SAS Proc means: how to capture default statistics in an output dataset like nmiss p1 p99 etc.?

The original question:

By default, Proc Means outputs N, MIN, MEAN, MAX, and STD to the output dataset . How to add NMISS, P1, P5, etc. to this list.


Additional Information 1:

I need statistics for all the numeric variables in my dataset. Therefore, I use _numeric_ in the var specification.

I do not want each statistic to be in a row and variables for columns.

  Obs _TYPE_ _FREQ_ _STAT_ var1 var2 var3 etc 1 0 84829 N 84826.00 2 0 84829 MIN 0.00 3 0 84829 MAX 5000.00 4 0 84829 MEAN 151.22 5 0 84829 STD 1989.47 6 0 84829 NMISS 3 7 0 84829 P1 2.00 8 0 84839 P99 4999.00 

How to do it?

Thanks!

+4
source share
2 answers

This article has an excellent discussion of the exact problem that you are describing, along with a macro to output a dataset that matches your description.

Best Tool - ODS Data Trap

Update: I found that there is a more recent document that "presents a revised version of a macro that supports additional features and fixes an amazing bug." This is an updated solution:

Solve the SAS® ODS Data Trap in PROC MEANS

The macro looks well designed and avoids many potential problems. The paths used to create the output dataset include calls to proc means (of course), proc sql , proc contents and proc datasets and extensive use of the macro language architecture, and describing them will probably not be instructive in this answer. I do not claim to fully understand this.

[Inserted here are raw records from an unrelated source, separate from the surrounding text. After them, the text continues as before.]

(* Let $\Lambda\in\mathcal Q_n$. The statements within each of (i)–(iv) are equivalent. (i) For $\mathbf F\in\mathcal M^n$: (a) $\Lambda\mathbf F\prec_{\mathrm{st}}\mathbf F$; (b) $\mathbf F\prec_{\mathrm{st}}\Lambda\mathbf F$; (c) $\Lambda\mathbf F=\mathbf F$. (ii) For $\mathbf F\in\mathcal M^n$: (a) $\Lambda\otimes\mathbf F\prec_{\mathrm{st}}\mathbf F$; (b) $\mathbf F\prec_{\mathrm{st}}\Lambda\otimes\mathbf F$; (c) $\Lambda\otimes\mathbf F=\mathbf F$. (iii) For $\mathbf F\in\mathcal M_1^n$: (a) $\Lambda\otimes\mathbf F\prec_{\mathrm{cx}}\mathbf F$; (b) $\mathbf F\prec_{\mathrm{cx}}\Lambda\otimes\mathbf F$; (c) $\Lambda\otimes\mathbf F=\mathbf F$. (iv) For $\mathbf F\in\mathcal M_1^n$: (a) $\Lambda\mathbf F\prec_{\mathrm{cx}}\mathbf F$; (b) $\Lambda\mathbf F=\mathbf F$.
   Context: $\mathcal M$ is the set of cdfs on $\mathbb{R}$, $\mathcal M_1$ those with finite mean. $\mathcal Q_n$ is the set of $n\times n$ doubly stochastic matrices. For $\Lambda=(\Lambda_{ij})\in\mathcal Q_n$ and $\mathbf F=(F_1,\dots,F_n)$: $\Lambda\mathbf F$ is the tuple with $i$-th component $\sum_j\Lambda_{ij}F_j$ (distribution mixture); $\Lambda\otimes\mathbf F=(G_1,\dots,G_n)$ with $G_i^{-1}=\sum_j\Lambda_{ij}F_j^{-1}$ (quantile mixture), where $F^{-1}(p)=\inf\{x:F(x)\ge p\}$. For cdfs, $F\prec_{\mathrm{st}}G$ means $F\ge G$ pointwise; for $F,G\in\mathcal M_1$, $F\prec_{\mathrm{cx}}G$ means $\int\phi\,\mathrm dF\le\int\phi\,\mathrm dG$ for all convex $\phi$. For tuples these orders are taken componentwise. *)

From HB Require Import structures.
From mathcomp Require Import all_boot all_order all_algebra.
From mathcomp Require Import all_classical all_reals.
From mathcomp Require Import topology normedtype sequences realfun measure
  lebesgue_measure lebesgue_integral lebesgue_stieltjes_measure.
(* In the setting described in the context, for all $k\ge0$: if $u_{k-1}(s)>0$ for all states $s\in S\setminus W_2$, then for all player-2 strategies $\pi_2$ we have $\Pr_s^{\overline{\eta}_k,\pi_2}(\mathrm{Reach}(T\cup W_2))=1$ for all $s\in S$.
   Context: Concurrent game structure $G=(S,M,\Gamma_1,\Gamma_2,\delta)$: finite states, finite moves, nonempty move sets $\Gamma_i(s)$, $\delta(s,a_1,a_2)\in\mathrm{Distr}(S)$ (simultaneous independent moves). Selectors assign to each state a distribution on available moves; $\overline{\xi}$ is the memoryless strategy playing $\xi$ forever; $\Pr_s^{\pi_1,\pi_2}$ is the induced measure on plays from $s$; $\mathrm{Reach}(X)$ is the set of plays visiting $X$. For a valuation $v:S\to[0,1]$: $\mathrm{Pre}_{\xi_1,\xi_2}(v)(s)=\sum_{a,b}\sum_tv(t)\delta(s,a,b)(t)\xi_1(s)(a)\xi_2(s)(b)$, $\mathrm{Pre}_{1:\xi_1}(v)(s)=\inf_{\xi_2}\mathrm{Pre}_{\xi_1,\xi_2}(v)(s)$, $\mathrm{Pre}_1(v)(s)=\sup_{\xi_1}\mathrm{Pre}_{1:\xi_1}(v)(s)$. Fix $T\subseteq S$; $W_2=\{s:\sup_{\pi_1}\inf_{\pi_2}\Pr_s^{\pi_1,\pi_2}(\mathrm{Reach}(T))=0\}$; all states of $T\cup W_2$ are assumed absorbing. Value iteration: $u_0=[T]$ (indicator of $T$), $u_{k+1}=\mathrm{Pre}_1(u_k)$. For each $j\ge1$ fix a player-1 selector $\zeta_j$ with $\mathrm{Pre}_{1:\zeta_j}(u_{j-1})=\mathrm{Pre}_1(u_{j-1})$. Entry time $\ell_k(s)=\min\{j\le k:u_j(s)=u_k(s)\}$. Selector $\eta_k$: $\eta_k(s)=\zeta_{\ell_k(s)}(s)$ if $\ell_k(s)>0$, and $\eta_k(s)$ uniform on $\Gamma_1(s)$ if $\ell_k(s)=0$. *)

From HB Require Import structures.
From mathcomp Require Import all_boot all_order all_algebra.
From mathcomp Require Import boolp classical_sets reals.
Set Implicit Arguments. Unset Strict Implicit. Unset Printing Implicit Defensive.
Import Order.TTheory GRing.Theory Num.Theory.
Local Open Scope ring_scope.

Section ConcurrentGame.
Variables (R : realType) (S M : finType).

Definition is_distr (T : finType) (p : T -> R) :=
  (forall x, 0 <= p x) /\ \sum_(x : T) p x = 1.

Definition is_selector (G : S -> {set M}) (xi : S -> M -> R) :=
  forall s, is_distr (xi s) /\ (forall a, a \notin G s -> xi s a = 0).

(* (History-dependent, randomized) strategies.  A history is a nonempty
   sequence of states s :: h; its current state is [last s h]. *)
Definition strategy := S -> seq S -> M -> R.

Definition is_strategy (G : S -> {set M}) (pi : strategy) :=
  forall s h, is_distr (pi s h) /\ (forall a, a \notin G (last s h) -> pi s h a = 0).

Definition memoryless (xi : S -> M -> R) : strategy := fun s h => xi (last s h).

Variable delta : S -> M -> M -> S -> R.

Definition step (pi1 pi2 : strategy) (s : S) (h : seq S) (t : S) : R :=
  \sum_(a : M) \sum_(b : M) pi1 s h a * pi2 s h b * delta (last s h) a b t.

(* Probability (measure of the union of the corresponding cylinders) that a play
   extending the history s :: h visits X within n further steps (counting the
   current state). *)
Fixpoint reach_within (n : nat) (pi1 pi2 : strategy) (X : pred S)
    (s : S) (h : seq S) : R :=
  if X (last s h) then 1 else
  match n with
  | 0 => 0
  | n'.+1 => \sum_(t : S) step pi1 pi2 s h t * reach_within n' pi1 pi2 X s (rcons h t)
  end.

(* Pr_s^{pi1,pi2}(Reach X): by countable additivity/continuity of the play
   measure, the supremum (= limit) of the finite-horizon reach probabilities. *)
Definition PrReach (pi1 pi2 : strategy) (X : pred S) (s : S) : R :=
  sup (range (fun n => reach_within n pi1 pi2 X s [::])).

Definition Pre (xi1 xi2 : S -> M -> R) (v : S -> R) (s : S) : R :=
  \sum_(a : M) \sum_(b : M) \sum_(t : S) v t * delta s a b t * xi1 s a * xi2 s b.

Variables (G1 G2 : S -> {set M}).

Definition Pre1_with (xi1 : S -> M -> R) (v : S -> R) (s : S) : R :=
  inf ((fun xi2 => Pre xi1 xi2 v s) @` [set xi2 | is_selector G2 xi2]).

Definition Pre1 (v : S -> R) (s : S) : R :=
  sup ((fun xi1 => Pre1_with xi1 v s) @` [set xi1 | is_selector G1 xi1]).

Variable T : {set S}.

Definition val1 (s : S) : R :=
  sup ((fun pi1 => inf ((fun pi2 => PrReach pi1 pi2 (fun t => t \in T) s)
                          @` [set pi2 | is_strategy G2 pi2]))
       @` [set pi1 | is_strategy G1 pi1]).

Definition W2 : pred S := fun s => val1 s == 0.

Definition TW2 : pred S := fun s => (s \in T) || W2 s.

Fixpoint u (k : nat) : S -> R :=
  match k with
  | 0 => fun s => if s \in T then 1 else 0
  | k'.+1 => Pre1 (u k')
  end.

Definition ell (k : nat) (s : S) : nat :=
  find (fun j => u j s == u k s) (iota 0 k.+1).

Definition uniform_sel (G : S -> {set M}) : S -> M -> R :=
  fun s a => if a \in G s then (#|G s|%:R)^-1 else 0.

Variable zeta : nat -> S -> M -> R.

Definition eta_sel (k : nat) : S -> M -> R :=
  fun s => if (0 < ell k s)%N then zeta (ell k s) s else uniform_sel G1 s.

End ConcurrentGame.

From HB Require Import structures.
From mathcomp Require Import all_boot all_order all_algebra.
From mathcomp Require Import boolp classical_sets reals.
From mathcomp Require Import ring lra.
Set Implicit Arguments. Unset Strict Implicit. Unset Printing Implicit Defensive.
Import Order.TTheory GRing.Theory Num.Theory.
Local Open Scope ring_scope.

(* Order the states outside T and W2 by a larger value u_k, and then by an
   earlier entry time l_k.  At such a state x, with j = l_k x > 0, the selector
   eta_k x = zeta_j x guarantees against every move b of player 2 that
   u_k x = u_j x <= E[u_(j-1) (next state)], while every state t that is not
   strictly better than x has u_(j-1) t < u_k x.  So the next state is strictly
   better with positive probability, bounded below by some q > 0 because there
   are finitely many pairs (x, b).  A rank of height |S| + 1 (0 on T and W2)
   thus decreases with probability at least q at every step, and T and W2 are
   avoided for m (|S| + 1) steps with probability at most (1 - q^(|S|+1))^m. *)

Lemma bernoulli_le1 (R : realFieldType) (p : R) m :
  0 <= p <= 1 -> (1 - p) ^+ m * (1 + m%:R * p) <= 1.
Proof.
case/andP=> p_ge0 p_le1; elim: m => [|m IH]; first by rewrite expr0 mul0r addr0 mulr1.
rewrite exprS -natr1.
have : 0 <= (1 - p) ^+ m * (p * p) * (m%:R + 1).
  by rewrite mulr_ge0 ?addr_ge0 ?ler0n // mulr_ge0 ?exprn_ge0 ?subr_ge0 // mulr_ge0.
move: IH; set a := (1 - p) ^+ m; set n := m%:R.
nra.
Qed.

Lemma exists_expr_lt (R : archiFieldType) (p e : R) :
  0 < p <= 1 -> 0 < e -> exists m, (1 - p) ^+ m < e.
Proof.
case/andP=> p_gt0 p_le1 e_gt0.
have ep_gt0 : 0 < e * p by rewrite mulr_gt0.
have inv_ge0 : 0 <= (e * p)^-1 by rewrite invr_ge0 ltW.
have := archi_boundP inv_ge0; set m := Num.bound _ => m_gt.
exists m; rewrite ltNge; apply/negP => e_le.
have p01 : 0 <= p <= 1 by rewrite ltW.
have := bernoulli_le1 m p01.
have : 1 < m%:R * (e * p) by rewrite -ltr_pdivrMr // mul1r.
have : e * (1 + m%:R * p) <= (1 - p) ^+ m * (1 + m%:R * p).
  by rewrite ler_wpM2r // addr_ge0 // mulr_ge0 // ltW.
nra.
Qed.

Lemma finite_lower_bound (R : realDomainType) (I : finType) (P : pred I) (f : I -> R) :
  (forall i, P i -> 0 < f i) -> exists2 q, 0 < q <= 1 & forall i, P i -> q <= f i.
Proof.
move=> f_gt0.
have min_gt0 i : P i -> 0 < Num.min (f i) 1 by move=> Pi; rewrite lt_min f_gt0 ?ltr01.
have min_in01 i : P i -> 0 <= Num.min (f i) 1 <= 1.
  by move=> Pi; rewrite ltW ?min_gt0 // ge_min lexx orbT.
exists (\prod_(i | P i) Num.min (f i) 1).
  by rewrite prodr_gt0 ?prodr_ile1.
move=> i Pi; apply: le_trans (_ : Num.min (f i) 1 <= f i); last by rewrite ge_min lexx.
rewrite (bigD1 i) //= ler_piMr ?(ltW (min_gt0 i Pi)) //.
by apply: prodr_ile1 => j /andP[/min_in01].
Qed.

Lemma mass_gt0_of_expectation (R : realDomainType) (I : finType) (A : pred I)
    (w v : I -> R) c :
  (forall i, 0 <= w i) -> \sum_i w i = 1 ->
  (forall i, ~~ A i -> v i < c) -> c <= \sum_i v i * w i ->
  0 < \sum_(i | A i) w i.
Proof.
move=> w_ge0 w_sum1 v_lt c_le; rewrite lt_def sumr_ge0 // andbT.
apply/eqP => /(psumr_eq0P (fun i _ => w_ge0 i)) wA0.
have term_ge0 i : 0 <= (c - v i) * w i.
  case: (boolP (A i)) => Ai; first by rewrite wA0 ?mulr0.
  by rewrite mulr_ge0 // subr_ge0 ltW ?v_lt.
have terms_sum : \sum_i (c - v i) * w i = c - \sum_i v i * w i.
  by rewrite -[c in RHS]mulr1 -w_sum1 mulr_sumr -sumrB; apply: eq_bigr => i _; rewrite mulrBl.
have /(psumr_eq0P (fun i _ => term_ge0 i)) term0 : \sum_i (c - v i) * w i = 0.
  by apply/eqP; rewrite eq_le sumr_ge0 // terms_sum subr_le0 c_le.
have : \sum_i w i = 0.
  apply: big1 => i _; case: (boolP (A i)) => Ai; first exact: wA0.
  by apply/eqP; have /eqP := term0 i isT; rewrite mulf_eq0 subr_eq0 gt_eqF ?v_lt.
by rewrite w_sum1 => /eqP; rewrite oner_eq0.
Qed.

Section RankedReachability.
Variables (R : realType) (S M : finType) (delta : S -> M -> M -> S -> R).
Variables (pi1 pi2 : strategy R S M) (X : pred S).
Hypothesis step_ge0 : forall s h t, 0 <= step delta pi1 pi2 s h t.
Hypothesis step_sum1 :
  forall s h, ~~ X (last s h) -> \sum_t step delta pi1 pi2 s h t = 1.

Local Open Scope classical_set_scope.
Local Notation reach n := (reach_within delta n pi1 pi2 X).

Lemma reach_within_ge0 n s h : 0 <= reach n s h.
Proof.
elim: n h => [|n IH] h /=; case: (X _) => //.
by apply: sumr_ge0 => t _; apply: mulr_ge0.
Qed.

Lemma reach_within_le1 n s h : reach n s h <= 1.
Proof.
elim: n h => [|n IH] h /=; case: ifP => // /negbT Xs.
rewrite -(step_sum1 Xs); apply: ler_sum => t _.
by rewrite ler_piMr.
Qed.

Lemma reach_withinS n s h : reach n.+1 s h = if X (last s h) then 1 else
  \sum_t step delta pi1 pi2 s h t * reach n s (rcons h t).
Proof. by []. Qed.

Lemma reach_within_leS n s h : reach n s h <= reach n.+1 s h.
Proof.
elim: n h => [|n IH] h; rewrite reach_withinS.
  by rewrite [reach 0 s h]/=; case: ifP => // _; apply: sumr_ge0 => t _;
    rewrite mulr_ge0 ?reach_within_ge0.
by rewrite reach_withinS; case: ifP => // _; apply: ler_sum => t _; rewrite ler_wpM2l.
Qed.

Lemma reach_within_homo m n s h : (m <= n)%N -> reach m s h <= reach n s h.
Proof.
move/subnK <-; elim: (n - m)%N => // d IH.
exact: le_trans IH (reach_within_leS _ _ _).
Qed.

Variables (rank : S -> nat) (N : nat) (q : R).
Hypothesis rank0 : forall x, rank x = 0%N -> X x.
Hypothesis rank_le : forall x, (rank x <= N)%N.
Hypotheses (q_ge0 : 0 <= q) (q_le1 : q <= 1).
Hypothesis rank_decrease : forall s h, ~~ X (last s h) ->
  q <= \sum_(t | (rank t < rank (last s h))%N) step delta pi1 pi2 s h t.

However, once you have compiled the macro, you can create the data set you need with one simple statement.

 %better_means(data=MyDataSet) 

Now that I have found this convenient solution, I can start using it myself.

+3
source

Assuming that you use the output parameter in the proc tools (and not ODS OUTPUT), you can control what is included in this data set, for example:

 proc means data=sashelp.class; var age; class sex; output out=mymeans nmiss= P1= P5= /autoname; run; 

A complete list of statistics names is available in the PROC MEANS documentation under the "statistics keyword" section.

You can also achieve the same result (with a slightly different output format) with ODS OUTPUT.

 ods output summary=mymeans; ods trace on; proc means data=sashelp.class nmiss p1 p5; var age; class sex; run; ods trace off; ods output close; 

Turn on / off ODS TRACE - show the name of the created table (i.e. 'summary'). This is not necessary in production. In this case, you request statistics in the same way as you request them in the output window (in the PROC MEANS instruction).

Based on your changes, you want it to be transposed (one line in the statistics). You cannot get it directly, but transposing is not very difficult.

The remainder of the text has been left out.